Twitter changed its primary web font for user profiles on Friday, moving to a sleeker and narrower look.
The new font is Gotham Narrow SSm. Gotham tends to be a popular font across the Internet and was used in Barack Obama's campaign. The new logo for One World Trade Center also uses a Gotham variant.
[seealso slug="free-font-creation-tools"]
The font is the product of Hoefler & Co. (neè Hoefler & Frere-Jones), a type foundry operating out of New York City. The font change appears across the Twitter.com site, on user profiles and sidebars, and on tweets and individual tweet pages. Even small things like the tweet embed code (though not the embedded tweets themselves) are set in Gotham Narrow.
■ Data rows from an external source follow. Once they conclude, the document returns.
(* Let $a\in\mathbb{N}$ and $b,d\in\mathbb{Z}$. Suppose there is a prime $p$ with $v_p(a)>\max\{v_p(b),v_p(d)\}$ and $v_p(b)=v_p(d)$. Then there exists a completely multiplicative function $f:\mathbb{N}\to\mathbb{S}^1$ such that $$\liminf_{n\to\infty}|f(an+b)-f(an+d)|>0.$$
   Context: $\mathbb{N}=\{1,2,\dots\}$, $\mathbb{S}^1$ the unit circle; completely multiplicative means $f(mn)=f(m)f(n)$. $v_p$ is the $p$-adic valuation. The expression is considered for $n$ large enough that $an+b,an+d\ge1$. *)

From HB Require Import structures.
From mathcomp Require Import all_boot all_order all_algebra.
From mathcomp Require Import all_classical all_reals all_analysis.
From mathcomp Require Export complex.
Set Implicit Arguments. Unset Strict Implicit. Unset Printing Implicit Defensive.
Import Order.TTheory GRing.Theory Num.Theory.

Definition unimodular_cm (R : realType) (f : nat -> R[i]) : Prop :=
  (forall n : nat, (0 < n)%N -> Normc.normc (f n) = 1%R) /\
  (forall m n : nat, (0 < m)%N -> (0 < n)%N -> f (m * n)%N = (f m * f n)%R).

(* f evaluated at an integer argument z (meaningful for z >= 1, which holds
   eventually for the arguments a n + b, a n + d used below). *)
Definition fZ (R : realType) (f : nat -> R[i]) (z : int) : R[i] := f `|z|%N.

From HB Require Import structures.
From mathcomp Require Import all_boot all_order all_algebra.
From mathcomp Require Import all_classical all_reals all_analysis.
From mathcomp Require Import complex.
From mathcomp Require Import fingroup cyclic separable cyclotomic.
From mathcomp.algebra_tactics Require Import ring.
From mathcomp Require Import zify.
Import Order.TTheory GRing.Theory Num.Theory.
Set Implicit Arguments. Unset Strict Implicit. Unset Printing Implicit Defensive.

(* Write a = A p^k, b = B p^k, d = D p^k with k = v_p(b) = v_p(d), p | A and
   p coprime to B, D.  For large n the p'-parts of a n + b and a n + d are
   x = A n + B and y = A n + D: integers prime to p with fixed difference
   c = D - B <> 0.  So it suffices to find a homomorphism phi from the integers
   prime to p into Z/N with phi x <> phi y whenever y - x = c; then
   f m = w ^ phi(m_p') with w a primitive N-th root of unity works, the
   liminf being bounded below by the minimal distance between distinct N-th
   roots of unity.  If p does not divide c, then x <> y mod p and phi is a
   discrete logarithm mod p.  If p^e || c with e > 0, phi is the Fermat
   quotient (u^M - 1) / p^e mod p^e with M = totient (p^e): by the binomial
   formula y^M - x^M = M x^(M-1) c mod p^(2e), which has valuation exactly
   2e - 1, so the quotients of x and y differ mod p^e. *)

Lemma int_pfactor_coprime p (c : int) : prime p -> c != 0%R ->
  exists2 c' : int, ~~ (p %| `|c'|) & c = (c' * (p ^ logn p `|c|)%:Z)%R.
Proof.
move=> p_pr c0; have c_gt0 : 0 < `|c| by rewrite absz_gt0.
have [m pm Dc] := pfactor_coprime p_pr c_gt0.
exists (sgz c * m%:Z)%R.
  by rewrite abszM absz_nat -sgrz absz_sg c0 mul1n -prime_coprime.
by rewrite -mulrA -PoszM -Dc -intEsg.
Qed.

Lemma partn_p'X p x k : prime p -> coprime p x -> (x * p ^ k)`_p^' = x.
Proof.
move=> p_pr px; have x_gt0 : 0 < x.
  by move: px; rewrite prime_coprime // lt0n; apply: contra => /eqP->; apply: dvdn0.
rewrite (partnM _ x_gt0) ?expn_gt0 ?prime_gt0 // part_pnat_id; last first.
  by rewrite p'natE // -prime_coprime.
by rewrite part_p'nat ?muln1 // pnatNK pnatX pnat_id.
Qed.

Lemma coprime_partn_p' p m : prime p -> coprime p m`_p^'.
Proof. by move=> p_pr; rewrite coprime_sym (p'nat_coprime (part_pnat _ _)) ?pnat_id. Qed.

Definition log_mod (p N : nat) (phi : nat -> nat) :=
  forall u v, coprime p u -> coprime p v -> phi (u * v) = phi u + phi v %[mod N].

Definition separates_shift (p N : nat) (c : int) (phi : nat -> nat) :=
  forall x y : nat, coprime p x -> coprime p y -> (y%:Z - x%:Z)%R = c ->
  phi x != phi y %[mod N].

Lemma natr_Zp_eqmod p (m n : nat) : 1 < p ->
  (m%:R = n%:R :> 'Z_p)%R <-> m = n %[mod p].
Proof.
move=> p_gt1; split => [/(congr1 (@nat_of_ord _))|Emn]; first by rewrite !val_Zp_nat.
by apply: val_inj; rewrite /= !val_Zp_nat.
Qed.

Lemma prime_primitive_root p : prime p -> exists g : nat,
  (forall u, coprime p u -> exists j, g ^ j = u %[mod p]) /\
  (forall i j, (g ^ i == g ^ j %[mod p]) = (i == j %[mod p.-1])).
Proof.
move=> p_pr; have p_gt1 := prime_gt1 p_pr.
have /cyclicP [G DG] := units_Zp_cyclic p_pr.
have oG : #[G]%g = p.-1.
  by rewrite /order -DG card_units_Zp ?totient_prime ?prime_gt0.
pose g : nat := val (FinRing.uval G).
have gX j : ((g ^ j)%:R : 'Z_p)%R = FinRing.uval (G ^+ j)%g.
  by rewrite FinRing.val_unitX natrX natr_Zp.
exists g; split => [u pu | i j].
  have Uu : ((u%:R : 'Z_p) \is a GRing.unit)%R by rewrite unitZpE.
  have : FinRing.unit _ Uu \in <[G]>%g by rewrite -DG inE.
  case/cycleP=> j Dj; exists j; apply/(natr_Zp_eqmod _ _ p_gt1).
  by rewrite gX -Dj.
rewrite -oG -eq_expg_mod_order.
apply/idP/idP => [/eqP/(natr_Zp_eqmod _ _ p_gt1)|/eqP Eij].
  by rewrite !gX => Eij; apply/eqP/val_inj.
by apply/eqP/(natr_Zp_eqmod _ _ p_gt1); rewrite !gX Eij.
Qed.

Lemma discrete_log_separates p (c : int) : prime p -> ~~ (p%:Z %| c)%Z ->
  exists phi, log_mod p p.-1 phi /\ separates_shift p p.-1 c phi.
Proof.
move=> p_pr pNc; have [g [g_onto g_inj]] := prime_primitive_root p_pr.
have /choice[phi Dphi] : forall u, exists j, coprime p u -> g ^ j = u %[mod p].
  by move=> u; have [/g_onto[j]|] := boolP (coprime p u); [exists j | exists 0].
exists phi; split => [u v pu pv | x y px py Dc].
  apply/eqP; rewrite -g_inj expnD -modnMm !Dphi ?coprimeMr ?pu ?pv //.
  by rewrite modnMm.
rewrite -g_inj !Dphi //; apply: contra pNc => /eqP Exy.
by rewrite -Dc -eqz_mod_dvd !modz_nat Exy.
Qed.

Lemma exprSD_sqr (R : comPzRingType) (x h : R) n :
  exists q, ((x + h) ^+ n.+1 = x ^+ n.+1 + n.+1%:R * x ^+ n * h + h ^+ 2 * q)%R.
Proof.
elim: n => [|n [q Dq]]; first by exists 0%R; rewrite mulr0 addr0 mulr1 mul1r.
exists (x * q + n.+1%:R * x ^+ n + h * q)%R.
by rewrite exprS Dq !exprS -[n.+2]addn1 -[n.+1]addn1 !natrD; ring.
Qed.

Definition fermat_quotient (p e u : nat) := u ^ totient (p ^ e) %/ p ^ e.

Section FermatQuotient.

Variables p e : nat.
Hypotheses (p_pr : prime p) (e_gt0 : 0 < e).
Local Notation N := (p ^ e).
Local Notation M := (totient (p ^ e)).
Local Notation fq := (fermat_quotient p e).

Let N_gt1 : 1 < N.
Proof. by rewrite -{1}(expn0 p) ltn_exp2l ?prime_gt1. Qed.

Lemma fermat_quotientE u : coprime p u -> u ^ M = fq u * N + 1.
Proof.
move=> pu; rewrite {1}(divn_eq (u ^ M) N) Euler_exp_totient ?modn_small //.
by rewrite coprime_sym coprimeXl.
Qed.

Lemma fermat_quotientM u v : coprime p u -> coprime p v ->
  fq (u * v) = fq u + fq v %[mod N].
Proof.
move=> pu pv; have N_gt0 := ltnW N_gt1.
have -> : fq (u * v) = fq u * fq v * N + (fq u + fq v).
  rewrite [fq (u * v)]/fermat_quotient expnMn !fermat_quotientE //.
  have -> : (fq u * N + 1) * (fq v * N + 1) =
            (fq u * fq v * N + (fq u + fq v)) * N + 1 by ring.
  by rewrite divnMDl // divn_small // addn0.
by rewrite modnMDl.
Qed.

Local Open Scope ring_scope.

Lemma fermat_quotient_shift x y (c : int) : coprime p x -> coprime p y ->
  ~~ (p %| `|c|)%N -> y%:Z = x%:Z + c * N%:Z -> (fq x != fq y %[mod N])%N.
Proof.
move=> px py pc Dy; apply/negP => /eqP eq_fq.
have [M' DM] : exists M', M = M'.+1 by exists M.-1; rewrite prednK // totient_gt0 ltnW.
have [q Dq] := exprSD_sqr x%:Z (c * N%:Z) M'.
have fqE : ((fq y)%:Z - (fq x)%:Z) * N%:Z = y%:Z ^+ M - x%:Z ^+ M.
  by rewrite -!natz -!natrX !fermat_quotientE // !natrD !natrM; ring.
have N2_dvd : (N%:Z * N%:Z %| M%:Z * x%:Z ^+ M' * c * N%:Z)%Z.
  have : (N%:Z * N%:Z %| y%:Z ^+ M - x%:Z ^+ M)%Z.
    by rewrite -fqE dvdz_mul // -eqz_mod_dvd !modz_nat eq_fq.
  have -> : y%:Z ^+ M - x%:Z ^+ M =
            M%:Z * x%:Z ^+ M' * c * N%:Z + (c * N%:Z) ^+ 2 * q.
    by rewrite Dy DM Dq natz; ring.
  by rewrite rpredDr // dvdz_mulr // exprMn dvdz_mull // expr2 dvdzz.
have : (p%:Z %| p.-1%:Z * x%:Z ^+ M' * c)%Z.
  have N0 : N%:Z != 0 by rewrite -lt0n expn_gt0 prime_gt0.
  have pe0 : (p ^ e.-1)%:Z != 0 by rewrite -lt0n expn_gt0 prime_gt0.
  move: N2_dvd; rewrite dvdz_mul2r // totient_pfactor //.
  rewrite {1}(_ : N = p ^ e.-1 * p)%N; last by rewrite -expnSr prednK.
  rewrite !PoszM (_ : _ * _ * c = (p ^ e.-1)%:Z * (p.-1%:Z * x%:Z ^+ M' * c));
    last by ring.
  by rewrite dvdz_mul2l.
have /negbTE pNx : ~~ (p %| x)%N by rewrite -prime_coprime.
rewrite dvdzE !abszM !absz_nat abszX !Euclid_dvdM // Euclid_dvdX // pNx (negbTE pc).
rewrite /= !orbF.
by apply/negP; rewrite -prime_coprime // coprime_sym coprimePn ?prime_gt0.
Qed.

End FermatQuotient.

Lemma exists_separating_log p (c : int) : prime p -> c != 0%R ->
  exists N phi, [/\ 0 < N, log_mod p N phi & separates_shift p N c phi].
Proof.
move=> p_pr c0; have [pc|pNc] := boolP (p%:Z %| c)%Z; last first.
  have [phi [log_phi sep_phi]] := discrete_log_separates p_pr pNc.
  by exists p.-1, phi; split; rewrite // -ltnS prednK ?prime_gt1 ?prime_gt0.
have [c' pNc' Dc] := int_pfactor_coprime p_pr c0.
set e := logn p `|c| in Dc.
have e_gt0 : 0 < e.
  by rewrite -(pfactor_dvdn 1 p_pr) ?absz_gt0 // expn1 -(absz_nat p) -dvdzE.
exists (p ^ e), (fermat_quotient p e); split.
- by rewrite expn_gt0 prime_gt0.
- exact: fermat_quotientM.
- move=> x y px py Dxy; apply: (fermat_quotient_shift p_pr e_gt0 px py pNc').
  by rewrite -Dc -Dxy addrC subrK.
Qed.

Section RootsOfUnity.
Local Open Scope ring_scope.
Local Open Scope complex_scope.

Lemma prim_root_exists (C : numClosedFieldType) n : (0 < n)%N ->
  exists z : C, n.-primitive_root z.
Proof.
move=> n_gt0; pose P : {poly C} := 'X^n - 1.
have [r DP] := closed_field_poly_normal P.
rewrite (monicP _) ?monicXnsubC // scale1r in DP.
have r_unity : all n.-unity_root r by apply/allP=> z; rewrite -root_prod_XsubC -DP.
have size_r : (n < (size r).+1)%N by rewrite -(size_prod_XsubC r id) -DP size_XnsubC.
have [|z _ ?] := hasP (has_prim_root n_gt0 r_unity _ size_r); last by exists z.
by rewrite -separable_prod_XsubC -DP separable_Xn_sub_1 // pnatr_eq0 -lt0n.
Qed.

Lemma norm_prim_root (C : numDomainType) n (w : C) :
  n.-primitive_root w -> `|w| = 1.
Proof.
move=> w_prim; apply/eqP; rewrite -(pexpr_eq1 (prim_order_gt0 w_prim)) //.
by rewrite -normrX prim_expr_order // normr1.
Qed.

Variable R : rcfType.
Implicit Types (w z : R[i]).

Lemma normC_normc z : `|z| = (Normc.normc z)%:C.
Proof. by case: z. Qed.

Lemma normc_prim_rootX n w i : n.-primitive_root w -> Normc.normc (w ^+ i) = 1.
Proof.
move=> w_prim; apply: (@complexI R).
by rewrite -normC_normc normrX (norm_prim_root w_prim) expr1n.
Qed.

Lemma prim_root_sep n w : n.-primitive_root w ->
  exists2 δ : R, 0 < δ & forall i j, (i != j %[mod n])%N ->
    δ <= Normc.normc (w ^+ i - w ^+ j).
Proof.
move=> w_prim; have n_gt0 := prim_order_gt0 w_prim.
pose δ := \big[Num.min/1]_(m < n | (0 < m)%N) Normc.normc (w ^+ m - 1).
exists δ.
  apply/bigmin_gtP; split=> // m m_gt0.
  rewrite -ltcR -normC_normc normr_gt0 subr_eq0 -(prim_order_dvd w_prim).
  by apply/negP => /(dvdn_leq m_gt0); rewrite leqNgt ltn_ord.
suff sep s t : (s < t < n)%N -> δ <= Normc.normc (w ^+ s - w ^+ t).
  move=> i j; rewrite -(prim_expr_mod w_prim i) -(prim_expr_mod w_prim j).
  have [lt_ij|lt_ji|->] := ltngtP (i %% n) (j %% n); rewrite ?eqxx // => _.
    by apply: sep; rewrite lt_ij ltn_pmod.
  by rewrite -normcN opprB; apply: sep; rewrite lt_ji ltn_pmod.
case/andP=> lt_st lt_tn.
have -> : w ^+ s - w ^+ t = - (w ^+ s * (w ^+ (t - s) - 1)).
  by rewrite mulrBr mulr1 -exprD subnKC 1?ltnW // opprB.
rewrite normcN Normc.normcM (normc_prim_rootX _ w_prim) mul1r.
have lt_tsn : (t - s < n)%N by rewrite (leq_ltn_trans (leq_subr _ _)).
by apply: (@bigmin_le_cond _ _ _ _ (Ordinal lt_tsn)); rewrite /= subn_gt0.
Qed.

End RootsOfUnity.

Lemma limn_einf_gt0 (R : realType) (u : nat -> R) (δ : R) n0 : (0 < δ)%R ->
  (forall n, n0 <= n -> (δ <= u n)%R) -> (0 < limn_einf (fun n => (u n)%:E))%E.
Proof.
move=> δ_gt0 u_ge; rewrite limn_einf_lim.
have -> : limn (einfs (fun n => (u n)%:E)) =
          ereal_sup (range (einfs (fun n => (u n)%:E))).
  by apply/cvg_lim => //; exact: cvg_einfs_sup.
apply: (@lt_le_trans _ _ δ%:E); first by rewrite lte_fin.
apply: (@le_trans _ _ (einfs (fun n => (u n)%:E) n0)); last first.
  by apply: ereal_sup_ubound; exists n0.
by apply: le_ereal_inf_tmp => _ [k /= k_ge <-]; rewrite lee_fin u_ge.
Qed.

Lemma unimodular_cm_log (R : realType) p N phi (w : R[i]) : prime p ->
  (N.-primitive_root w)%R -> log_mod p N phi ->
  unimodular_cm (fun m => w ^+ phi (m`_p^')%N)%R.
Proof.
move=> p_pr w_prim log_phi; split=> [n _ | m n m_gt0 n_gt0].
  exact: normc_prim_rootX w_prim.
rewrite partnM // -exprD -(prim_expr_mod w_prim) -[RHS](prim_expr_mod w_prim).
by rewrite log_phi ?coprime_partn_p'.
Qed.

Lemma partn_p'_affine p k (A n : nat) (B : int) : prime p -> 0 < A -> p %| A ->
  ~~ (p %| `|B|) -> `|B| < n -> exists x : nat, [/\ coprime p x,
    (x%:Z = A%:Z * n%:Z + B)%R &
    (`|((A * p ^ k)%:Z * n%:Z + B * (p ^ k)%:Z)%R|)`_p^' = x].
Proof.
move=> p_pr A_gt0 pA pNB B_lt_n.
have lin_gt0 : (0 < A%:Z * n%:Z + B)%R.
  by case: (lerP 0 B) => [/gez0_abs|/ltz0_abs] absB; nia.
have pNlin : ~~ (p %| `|(A%:Z * n%:Z + B)%R|).
  by rewrite -(absz_nat p) -dvdzE rpredDl ?dvdzE ?absz_nat ?dvdn_mulr.
exists `|(A%:Z * n%:Z + B)%R|; split.
- by rewrite prime_coprime.
- by rewrite gtz0_abs.
- have -> : ((A * p ^ k)%:Z * n%:Z + B * (p ^ k)%:Z =
            (A%:Z * n%:Z + B) * (p ^ k)%:Z)%R by rewrite PoszM; ring.
  by rewrite abszM absz_nat partn_p'X ?prime_coprime.
Qed.

Theorem lemma4p2 (R : realType) (a : nat) (b d : int) (p : nat) :
  (0 < a)%N -> b != 0%R -> d != 0%R -> b != d -> prime p ->
  logn p `|b| = logn p `|d| ->
  (maxn (logn p `|b|) (logn p `|d|) < logn p a)%N ->
  exists f : nat -> R[i], unimodular_cm f /\
    (0 < limn_einf (fun n : nat =>
      (Normc.normc (fZ f (a%:Z * n%:Z + b)%R - fZ f (a%:Z * n%:Z + d)%R))%:E))%E.
Proof.
move=> a_gt0 b0 d0 neq_bd p_pr eq_val lt_val.
have [B pNB Db] := int_pfactor_coprime p_pr b0.
have [D pND Dd] := int_pfactor_coprime p_pr d0.
rewrite -eq_val in Dd; rewrite -eq_val maxnn in lt_val.
set k := logn p `|b| in Db Dd lt_val.
have pk1_a : p ^ k.+1 %| a by rewrite pfactor_dvdn.
have pk_a : p ^ k %| a := dvdn_trans (dvdn_exp2l p (leqnSn k)) pk1_a.
have [A pA Da] : exists2 A, p %| A & a = A * p ^ k.
  by exists (a %/ p ^ k); rewrite ?divnK // dvdn_divRL // -expnS.
have A_gt0 : 0 < A by move: a_gt0; rewrite Da muln_gt0 => /andP[].
have c0 : (D - B != 0)%R by apply: contra neq_bd; rewrite subr_eq0 Db Dd => /eqP->.
have [N [phi [N_gt0 log_phi sep_phi]]] := exists_separating_log p_pr c0.
have [w w_prim] := prim_root_exists R[i] N_gt0.
exists (fun m => w ^+ phi (m`_p^')%N)%R; split.
  exact: unimodular_cm_log p_pr w_prim log_phi.
have [δ δ_gt0 δ_le] := prim_root_sep w_prim.
apply: (@limn_einf_gt0 _ _ _ (`|B| + `|D|).+1 δ_gt0) => n n_ge.
have B_lt_n : `|B| < n by apply: leq_trans n_ge; rewrite ltnS leq_addr.
have D_lt_n : `|D| < n by apply: leq_trans n_ge; rewrite ltnS leq_addl.
have [x [px Dx Ex]] := partn_p'_affine k p_pr A_gt0 pA pNB B_lt_n.
have [y [py Dy Ey]] := partn_p'_affine k p_pr A_gt0 pA pND D_lt_n.
rewrite /fZ Da Db Dd Ex Ey; apply/δ_le/sep_phi => //.
by rewrite Dx Dy; ring.
Qed.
(On Friday evening, the main tweet stream on the Twitter.com homepage appeared to switch back and forth between the old and new fonts, but it seemed likely that Twitter was planning on rolling out the new font everywhere on the site.)
Twitter's mobile web interface on smartphones and tablets continues to use Helvetica Neue, Arial or the system default sans-serif font.
This is what the new font looks like on a tweet page:
This is what the tweet page looked like with the old typeface:
The shift follows the new Twitter profiles that first rolled out publicly in February and have only recently been incorporated into most user pages.
The company has made no formal announcement on its blog, but it did share news of the change from the @Support account, as seen above.
Users took notice of the change right away, and predictably, not all are keen on the change.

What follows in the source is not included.